One thing worth noting is that AlphaFold's 'energy functions' aren't constrained by real physics; they're 'the function such that, on the training set, gradient descent yielded structures with the highest GDT_TS". And from what MaQ says, they're not universal, but specific to the set of proteins whose info is given in a single MSA. [One thing I don't get; how do they determine how to analyze a protein that's outside any of the structural families they have MSAs for? I should revisit this when the AlphaFold paper is up.] In fact I suppose there's no reason they have to act as a pairwise additive force, though it sounds like they do work this way; I guess it's easier to calculate, plus it's suggested by the physics.

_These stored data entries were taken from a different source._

(* Write e_n(k) = |mu_n(k) - mu_n(k-1)|, so that the goal is
   sum_k e_n(k) -> 0.  The proof has three independent ingredients.
   - Fourier inversion (section FourierInversion): for a probability nu,
     nu(k) = int_{-1/2}^{1/2} G_k(t) dt with G_k(t) = sum_j nu(j) cos(2 pi (j-k) t)
     = cos(2 pi k t) Re nu^(t) + sin(2 pi k t) Im nu^(t); the partial sums are
     integrated with explicit primitives and |G_k| <= 1 allows dominated
     convergence.  A second dominated convergence, using nu_n^ -> 0 a.e., gives
     mu_n(k) -> 0 for every fixed k.  Only four properties of the integral are
     used; they are proved for the Lebesgue integral in module Lebesgue.
   - Uniform tails: hypothesis (1) with y = 1 gives e_n(k) <= C |k-1|^(-1-a), and
     x^(-1-a) <= ((x-1)^(-a) - x^(-a))/a makes the tails beyond M at most
     (2C/a) (M-1)^(-a), uniformly in n.
   - A Tannery-type lemma (series_cv0_of_uniform_tails): pointwise null terms
     with uniformly small tails have sums tending to 0.
   The main theorem combines the three after reindexing n |-> max 1 n, which
   extends the hypotheses (stated for n >= 1) to all n. *)

Lemma Rabs_le_bounds (a b : R) : Rabs a <= b -> - b <= a <= b.
Proof. intros H. pose proof (Rle_abs a). pose proof (Rle_abs (- a)). rewrite Rabs_Ropp in *. lra. Qed.

Lemma Un_cv_eventually_eq (u v : nat -> R) (l : R) (N : nat) :
  (forall n, (N <= n)%nat -> u n = v n) -> Un_cv u l -> Un_cv v l.
Proof.
intros E H eps Heps. destruct (H eps Heps) as [N' HN']. exists (Nat.max N N').
intros n Hn. rewrite <- E by lia. apply HN'. lia.
Qed.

What are the implications?


MaQ says unclear. If high accuracy is needed for useful folding predictions, many new insights might be necessary. And unlike in other ML fields, there isn't a ton of increase in dataset size over time, so that can't be relied on to feed algorithmic improvement. But there's a new player in town, and it's possible protein folding will eventually get eaten by ML.

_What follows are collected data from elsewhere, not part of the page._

Lemma X_terms_d1E : d1 != 0 ->
  [set z : 'I_k * 'I_k * 'I_(2 * k ^ 2) |
     [&& isXentry pos z.2, z.2 != u & c z.1.1 z.1.2 z.2 == d1]] =
  X_row_col_term @: setX [set: bool] [set~ a].
Proof.
move=> d1_nz; have hd1' : (0 == d1) = false by rewrite eq_sym (negbTE d1_nz).
apply/setP => [[[i j] v]]; rewrite -(gK v); case: (g v) => [[L r] s].
have -> : ((i, j, pos (L, r, s)) \in X_row_col_term @: setX [set: bool] [set~ a]) =
    L && ([&& i == r, s == a, j == a & r != a] || [&& i == a, r == a, j == s & s != a]).
  apply/imsetP/idP => [[[b x]] hx|].
    move: hx; rewrite !inE /= => hx.
    case: b => /= [[-> -> /posI [-> -> ->]] | [-> -> /posI [-> -> ->]]].
      by rewrite !eqxx hx.
    by rewrite !eqxx hx orbT.
  case/andP => -> /orP [/and4P [/eqP -> /eqP -> /eqP -> hr]
                      | /and4P [/eqP -> /eqP -> /eqP -> hs]].
    by exists (true, r); rewrite // !inE.
  by exists (false, s); rewrite // !inE.
rewrite inE /= isXentry_pos eq_pos_u.
case: L => //=.
case: (eqVneq r a) => [->|hr]; case: (eqVneq s a) => [->|hs]; rewrite /= ?eqxx //=.
- by rewrite !andbF.
- rewrite c_profile ?eq_pos_u ?(negbTE hs) ?andbF // /coef_profile eqxx (negbTE hs) /=.
  by case: (i == a); case: (j == s); simp_ind; rewrite ?eqxx ?hd1'.
- rewrite c_profile ?eq_pos_u ?(negbTE hr) // /coef_profile eqxx (negbTE hr) /=.
  by case: (i == r); case: (j == a); simp_ind; rewrite ?eqxx ?hd1'.
- rewrite c_profile ?eq_pos_u ?(negbTE hr) // /coef_profile (negbTE hr) (negbTE hs) /=.
  by simp_ind; rewrite ?hd1'.
Qed.

Lemma card_X_terms : d1 != 0 ->
  #|[set z : 'I_k * 'I_k * 'I_(2 * k ^ 2) |
     [&& isXentry pos z.2, z.2 != u & c z.1.1 z.1.2 z.2 == d1]]| = (2 * k - 2)%N.
Proof.
move=> d1_nz; rewrite X_terms_d1E // card_in_imset; last first.
  move=> [b x] [b' x']; rewrite !inE /= => hx hx'.
  case: b; case: b' => /=.
  - by move=> [->].
  - by move=> [e1 e2]; rewrite e1 eqxx in hx.
  - by move=> [e1 e2]; rewrite e2 eqxx in hx.
  - by case=> ->.
by rewrite cardsX cardsT card_bool cardsC1 card_ord -subn1 mulnBr muln1.
Qed.

Lemma card_Yoffdiag_d2_terms : d2 != d3 -> d2 != 0 ->
  #|[set z : 'I_k * 'I_k * 'I_(2 * k ^ 2) |
     isYoffdiag pos z.2 && (c z.1.1 z.1.2 z.2 == d2)]| = k.-1.
Proof.
move=> n23 d2_nz; have hd2' : (0 == d2) = false by rewrite eq_sym (negbTE d2_nz).
have n32 : (d3 == d2) = false by rewrite eq_sym (negbTE n23).
pose h (x : 'I_k) := (a, x, pos (false, a, x)).
have -> : [set z : 'I_k * 'I_k * 'I_(2 * k ^ 2) |
    isYoffdiag pos z.2 && (c z.1.1 z.1.2 z.2 == d2)] = h @: [set~ a].
  apply/setP => [[[i j] v]]; rewrite -(gK v); case: (g v) => [[L r] s].
  have -> : ((i, j, pos (L, r, s)) \in h @: [set~ a]) =
      [&& ~~ L, i == a, r == a, j == s & s != a].
    apply/imsetP/idP => [[x hx [-> -> /posI [-> -> ->]]]|].
      by move: hx; rewrite !inE /= !eqxx => ->.
    case/and5P => /negbTE -> /eqP -> /eqP -> /eqP -> hs.
    by exists s; rewrite // !inE.
  rewrite inE /= isYoffdiag_pos; case: L => //=.
  rewrite c_profile ?eq_pos_u // /coef_profile.
  case: (eqVneq r a) => [->|hr]; case: (eqVneq s a) => [->|hs]; rewrite /= ?eqxx //=.
  - by rewrite !andbF.
  - by case: (i == a); case: (j == s); simp_ind; rewrite ?eqxx ?hd2'.
  - by case: (i == r); case: (j == a); simp_ind; rewrite ?n32 ?hd2' ?andbF.
  - by simp_ind; rewrite ?hd2' ?andbF.
by rewrite card_imset ?cardsC1 ?card_ord // => x y [->].
Qed.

He does see AlphaFold's success here as an indictment of protein folding academic culture, and especially of pharma lab culture, which (he says) talks a big game about fundamental research but is almost entirely focused on incremental practical work.

He highlights the further subproblems that still need to be figured out. AlphaFold type methods are fairly specific to protein 'families' and struggle to deal with novel structures (mutations, engineered proteins). Even within families, sub-angstrom precision is important for designing small targeted drugs, and such precision is still far beyond us. And there's the 'holy grail' of actual folding dynamics, which would be really useful for predicting protein function. So there's a long way to go, and protein folding researchers should think about what problems they can best approach from a high-insight but lower-compute angle.

--

This was a neat, accessible blog post. It's nice to read things by people honest enough to admit things like "we were all really worried at first that DeepMind made some amazing insight and we'd all be out of a job, then read their preprint, breathed a sigh of relief, and started sneering about how incremental their advances were". A little inaccessible for sure--MaQ seems to be writing for people somewhat outside the field, but also doesn't explain what an MSA is--so I've probably missed some things, but quick lookups gave me enough context to feel like I get it. It's also nice to hear about molecular modeling-y things from time to time; they're like missives from a life I'm glad I don't live, but enjoy visiting.